The MC68EC030 fully supports the nonmultiplexed asynchronous bus of the MC68020 and MC68030
as well as the dynamic bus sizing mechanism that allows the controller to transfer operands to or from
external devices while automatically determining device port size on a cycle-by-cycle basis. In addition to
the asynchronous bus, the MC68EC030 also supports the fast synchronous bus of the MC68030 for off-
chip caches and fast memories. Like the MC68030, the MC68EC030 bus is capable of fetching up to four
long words of data in a burst mode compatible with DRAM chips that have burst capability. Burst mode can
reduce (up to 50 percent) the time necessary to fetch the four long words. The four long words are used
to prefill the on-chip instruction and data caches so that the hit ratio of the caches is improved and the
average access time for operand fetches is minimized.
The MC68EC030 is specifically designed to sustain high performance while using low-cost (DRAM)

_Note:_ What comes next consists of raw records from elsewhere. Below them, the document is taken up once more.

Lemma often_natmul_le_eq0 (C : archiNumFieldType) (c M : C) :
  0 <= c -> (forall K, exists2 k, (K <= k)%N & k%:R * c <= M) -> c = 0.
Proof.
move=> c_ge0 often_le; apply/eqP/negPn/negP => c_neq0.
have c_gt0 : 0 < c by rewrite lt0r c_neq0.
have [k0 _ M_ge] := often_le 0%N.
have M_ge0 : 0 <= M by apply: le_trans M_ge; rewrite mulr_ge0.
have [k Kk kc_le] := often_le (Num.bound (M / c)).
have : (Num.bound (M / c))%:R * c <= M.
  by apply: le_trans kc_le; rewrite ler_wpM2r // ler_nat.
by rewrite -ler_pdivlMr // lt_geF // archi_boundP // divr_ge0.
Qed.

Lemma bernoulli_ineq (C : numDomainType) (h : C) k :
  0 <= h -> 1 + k%:R * h <= (1 + h) ^+ k.
Proof.
move=> h_ge0; elim: k => [|k IH]; first by rewrite mul0r addr0 expr0.
rewrite exprS (le_trans _ (ler_wpM2l _ IH)) ?addr_ge0 //.
have -> : (1 + h) * (1 + k%:R * h) = 1 + k.+1%:R * h + k%:R * h ^+ 2.
  by rewrite -natr1; ring.
by rewrite lerDl mulr_ge0 ?exprn_ge0.
Qed.

Lemma mulmx_exprS (K : pzRingType) p (B : 'M[K]_p) k (u : 'cV[K]_p) :
  B ^+ k.+1 *m u = B *m (B ^+ k *m u).
Proof. by rewrite exprS; apply/esym/mulmxA. Qed.

Lemma mulmx_exprSr (K : pzRingType) p (B : 'M[K]_p) k (u : 'cV[K]_p) :
  B ^+ k.+1 *m u = B ^+ k *m (B *m u).
Proof. by rewrite exprSr; apply/esym/mulmxA. Qed.

Section ShiftedMatrix.
Variables (K : comPzRingType) (p : nat) (B : 'M[K]_p) (l : K).
Local Notation N := (B - l%:M).

Lemma mulmx_shift (u : 'cV[K]_p) : B *m u = N *m u + l *: u.
Proof. by rewrite mulmxBl mul_scalar_mx subrK. Qed.

Lemma comm_shift : GRing.comm B N.
Proof. by rewrite /GRing.comm mulrBr mulrBl -!mulmxE scalar_mxC. Qed.

Lemma eigen_exp_mulmx (v : 'cV[K]_p) k :
  N *m v = 0 -> B ^+ k *m v = l ^+ k *: v.
Proof.
move=> Nv0; elim: k => [|k IH]; first by rewrite !expr0 mul1mx scale1r.
by rewrite mulmx_exprS IH -scalemxAr mulmx_shift Nv0 add0r scalerA -exprSr.
Qed.

(* Multiplying by [l] avoids the exponent [k - 1] in [k l^(k-1) (N v)]. *)
Lemma jordan2_exp_mulmx (v : 'cV[K]_p) k : N *m (N *m v) = 0 ->
  l *: (B ^+ k *m v) = l ^+ k *: (l *: v + k%:R *: (N *m v)).
Proof.
move=> N2v0; elim: k => [|k IH].
  by rewrite expr0 mul1mx scale1r scale0r addr0.
rewrite mulmx_exprS scalemxAr IH -scalemxAr mulmxDr -!scalemxAr.
rewrite (mulmx_shift v) (mulmx_shift (N *m v)) N2v0 add0r.
rewrite exprSr -scalerA; congr (_ *: _).
rewrite -natr1 scalerDl scale1r !scalerDr !scalerA [l * k%:R]mulrC.
by rewrite -addrA addrC -addrA.
Qed.

End ShiftedMatrix.

Lemma expmx_kernel_descent (K : pzRingType) p (N : 'M[K]_p)
    (S : 'cV[K]_p -> Prop) :
  (forall v, S v -> S (N *m v)) ->
  (forall v, S v -> N *m (N *m v) = 0 -> N *m v = 0) ->
  forall m u, S u -> N ^+ m *m u = 0 -> N *m u = 0.
Proof.
move=> S_N S_descent [|m] u Su.
  by rewrite expr0 mul1mx => ->; rewrite mulmx0.
elim: m => [|m IH]; first by rewrite expr1.
have S_Nexp j : S (N ^+ j *m u).
  by elim: j => [|j IHj]; rewrite ?expr0 ?mul1mx // mulmx_exprS; apply: S_N.
move=> Nm0; apply: IH; rewrite mulmx_exprS.
by apply: S_descent (S_Nexp m) _; rewrite -!mulmx_exprS.
Qed.

Section PrimaryOrbits.
Variables (C : archiNumFieldType) (p : nat) (B : 'M[C]_p) (l : C).
Local Notation N := (B - l%:M).

Lemma bounded_orbit_norm_lt1 m u :
  `|l| < 1 -> N ^+ m *m u = 0 -> bounded_orbit B u.
Proof.
move=> l_lt1; elim: m u => [|m IH] u.
  by rewrite expr0 mul1mx => ->; apply: bounded_orbit0.
rewrite mulmx_exprSr => /IH [M HM].
have M_ge0 : 0 <= M := le_trans (l1norm_ge0 _) (HM 0%N).
have r_lt1 : 0 < 1 - `|l| by rewrite subr_gt0.
pose T := l1norm u + M / (1 - `|l|).
exists T; elim=> [|k IHk].
  by rewrite expr0 mul1mx lerDl divr_ge0 // ltW.
rewrite mulmx_exprSr (mulmx_shift B l) mulmxDr -scalemxAr.
apply: le_trans (ler_l1normD _ _) _; rewrite l1normZ.
apply: le_trans (lerD (HM k) (ler_wpM2l (normr_ge0 l) IHk)) _.
rewrite -subr_ge0.
have -> : T - (M + `|l| * T) = (1 - `|l|) * l1norm u.
  by rewrite /T; field; rewrite lt0r_neq0.
by rewrite mulr_ge0 ?l1norm_ge0 // ltW.
Qed.

Lemma often_bounded_eigen_norm_gt1 v : 1 < `|l| ->
  often_bounded_orbit B v -> N *m v = 0 -> v = 0.
Proof.
move=> l_gt1 [M HM] Nv0; apply: l1norm0_eq0.
have h_gt0 : 0 < `|l| - 1 by rewrite subr_gt0.
suff : (`|l| - 1) * l1norm v = 0.
  by move/eqP; rewrite mulf_eq0 gt_eqF //= => /eqP.
apply: (often_natmul_le_eq0 (M := M)) => [|K].
  by rewrite mulr_ge0 ?l1norm_ge0 // ltW.
have [k Kk HMk] := HM K; exists k => //; apply: le_trans HMk.
rewrite (eigen_exp_mulmx _ Nv0) l1normZ normrX mulrA ler_wpM2r ?l1norm_ge0 //.
have := bernoulli_ineq k (ltW h_gt0); rewrite subrKC; apply: le_trans.
by rewrite lerDr.
Qed.
Definition fs_single {A : uSL} (y : A) : fsub A.
Proof.
  refine (FSub A y (fun z => z = y) _); exists [y]; simpl; split; [firstorder congruence|].
  symmetry; apply meet1.
Defined.

Lemma fs_unionA {A : uSL} (c d e : fsub A) : fs_union c (fs_union d e) = fs_union (fs_union c d) e.
Proof. apply fsub_eq; simpl; [apply meetA|tauto]. Qed.
Lemma fs_unionC {A : uSL} (c d : fsub A) : fs_union c d = fs_union d c.
Proof. apply fsub_eq; simpl; [apply meetC|tauto]. Qed.
Lemma fs_unionI {A : uSL} (c : fsub A) : fs_union c c = c.
Proof. apply fsub_eq; simpl; [apply meetI|tauto]. Qed.
Lemma fs_union0 {A : uSL} (c : fsub A) : fs_union c (fs_empty A) = c.
Proof. apply fsub_eq; simpl; [apply meet1|tauto]. Qed.

Definition Fsub (A : uSL) : uSL :=
  {| car := fsub A; meet := fs_union; one := fs_empty A;
     meetA := fs_unionA; meetC := fs_unionC; meetI := fs_unionI; meet1 := fs_union0 |}.

Lemma fs_mem_upset {A : uSL} (G : A -> Prop) (c : fsub A) :
  upset G -> G (fs_val c) -> forall y, fs_mem c y -> G y.
Proof.
  destruct c as [x Z [l [HZ ->]]]; simpl; intros HG Gx y Hy.
  exact (upset_meets G l y HG Gx (proj1 (HZ y) Hy)).
Qed.

Definition fs_within {A : uSL} (S : A -> Prop) (c : Fsub A) : Prop :=
  forall y, fs_mem c y -> S y.

Lemma fs_within_filter {A : uSL} (S : A -> Prop) : is_filter (fs_within S).
Proof. split; [now intros y|intros c d; unfold fs_within; simpl; firstorder]. Qed.
Lemma walkE (x : walk) : val x = (wedges x, wend x, wlabel x).
Proof. by rewrite /wedges /wend /wlabel; case: (val x) => [[]]. Qed.

Lemma walkP (x : walk) :
  [/\ B (wend x) (wlabel x), sink (wend x) & is_walk (wedges x) (wend x)].
Proof. by have /asboolP := valP x; rewrite walkE. Qed.

Lemma wcons_val e x : Dw (r e) x ->
  val (wcons e x) = (e :: wedges x, wend x, wlabel x).
Proof.
by move=> Dx; rewrite val_insubd; have [Bx sx wx] := walkP x; rewrite asboolT.
Qed.

Lemma wbehead_val x : val (wbehead x) = (behead (wedges x), wend x, wlabel x).
Proof.
rewrite val_insubd; have [Bx sx] := walkP x.
by case: (wedges x) => [|e a] /= => [wx|[_ wx]]; rewrite asboolT.
Qed.

Lemma wbehead_edges x : wedges (wbehead x) = behead (wedges x).
Proof. by rewrite {1}/wedges wbehead_val. Qed.

Lemma wbehead_end x : wend (wbehead x) = wend x.
Proof. by rewrite {1}/wend wbehead_val. Qed.

Lemma wbehead_label x : wlabel (wbehead x) = wlabel x.
Proof. by rewrite {1}/wlabel wbehead_val. Qed.

Lemma RwP e x : Rw e x <-> exists a, wedges x = e :: a.
Proof.
rewrite /Rw /=; case: (wedges x) => [|g a] /=; first by split => [|[a]].
by split => [[->]|[a' [-> _]]]; first exists a.
Qed.

Lemma wbehead_Dw e y : Rw e y -> Dw (r e) (wbehead y).
Proof.
move=> /RwP[a ya]; have [_ _] := walkP y; rewrite ya => -[rw _].
by rewrite /Dw /= /wsrc wbehead_edges wbehead_end ya.
Qed.

Lemma wcons_inverse e : inverse_on (Dw (r e)) (Rw e) (wcons e) wbehead.
Proof.
split => [x Dx|y /wbehead_Dw //|x Dx|y Ry].
- by apply/RwP; exists (wedges x); rewrite /wedges wcons_val.
- by apply: val_inj; rewrite wbehead_val walkE /wedges /wend /wlabel wcons_val.
- apply: val_inj; rewrite wcons_val; last exact: wbehead_Dw Ry.
  rewrite wbehead_edges wbehead_end wbehead_label walkE.
  by have /RwP[a ->] := Ry.
Qed.

Lemma walks_branching : branching_system s r Rw Dw wcons (fun=> wbehead).
Proof.
split.
- move=> e g eg; apply/seteqP; split => x // [xe xg]; apply: eg.
  by case: (etrans (esym xe) xg).
- by split => //; split => A A' _ _; apply/seteqP.
- by move=> e x /RwP[a xa]; rewrite /Dw /= /wsrc xa.
- move=> v [e0 se0] _; apply/seteqP; split => x; rewrite /Dw /= /wsrc.
  + case xe: (wedges x) => [|g a] /= xv.
      by have [_ sink_end _] := walkP x; case: (sink_end e0); rewrite se0 -xv.
    by exists g => //; apply/RwP; exists a.
  + by move=> [g <-] /RwP[a ->].
- by move=> e; exact: wcons_inverse.
Qed.

Lemma P_src_wvec x : P [set wsrc x] (wvec x) = wvec x.
Proof.
rewrite /wsrc /wvec; case: (wedges x) => [|e a] /=; last exact: P_src_S.
by have [/B_sub[y _ <-] _ _] := walkP x; rewrite P_meet // setIid.
Qed.

Lemma P_wvec A x : Gen0 r A -> P A (wvec x) = if x \in Dw A then wvec x else 0.
Proof.
move=> GA; rewrite -{1}P_src_wvec P_meet //.
case: ifP => [/set_mem Ax|/negP nAx].
  by rewrite setIidr ?P_src_wvec // => v ->.
rewrite (_ : _ `&` _ = set0) ?P_set0 //; apply/seteqP; split => // v [Av vx].
by apply: nAx; apply: mem_set; rewrite /Dw /= -vx.
Qed.

Lemma wvec_wcons e x : Dw (r e) x -> wvec (wcons e x) = S e (wvec x).
Proof. by move=> Dx; rewrite {1}/wvec /wedges /wlabel wcons_val. Qed.

Lemma S_wvec e x :
  S e (wvec x) = if x \in Dw (r e) then wvec (wcons e x) else 0.
Proof.
rewrite -S_P_range P_wvec //; case: ifP => [/set_mem/wvec_wcons //|_].
exact: linear_fun0 (S_linear e).
Qed.

Lemma wvec_behead e x : Rw e x -> wvec x = S e (wvec (wbehead x)).
Proof.
by move=> /RwP[a xa]; rewrite /wvec wbehead_edges wbehead_label xa.
Qed.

memory subsystems. Coupled with the MC88916 clock generation and distribution circuit, the
MC68EC030 provides simple interface to lower speed memory subsystems. The MC88916 (see Figure
1) provides the precise clock signals required to efficiently control memory subsystems, eliminating
system design constraints due to clock generation and distribution.
CONTROLLER
CLOCK (40 MHz)
20 MHz
OSC.
3
MC88916
MC68EC030
(40 MHz)
BUS CLOCK
(40 MHz)
BUS CLOCK
(20 MHz)
BUS CLOCK
(80 MHz)
Figure 1. MC68EC030 Clock Circuitry
The block diagram shown in Figure 2 depicts the major sections of the MC68EC030 and illustrates the
autonomous nature of these blocks. The bus controller consists of the address and data pads, the
multiplexers required to support dynamic bus sizing, and a microbus controller that schedules the bus
cycles on the basis of priority. The micromachine contains the execution unit and all related control logic.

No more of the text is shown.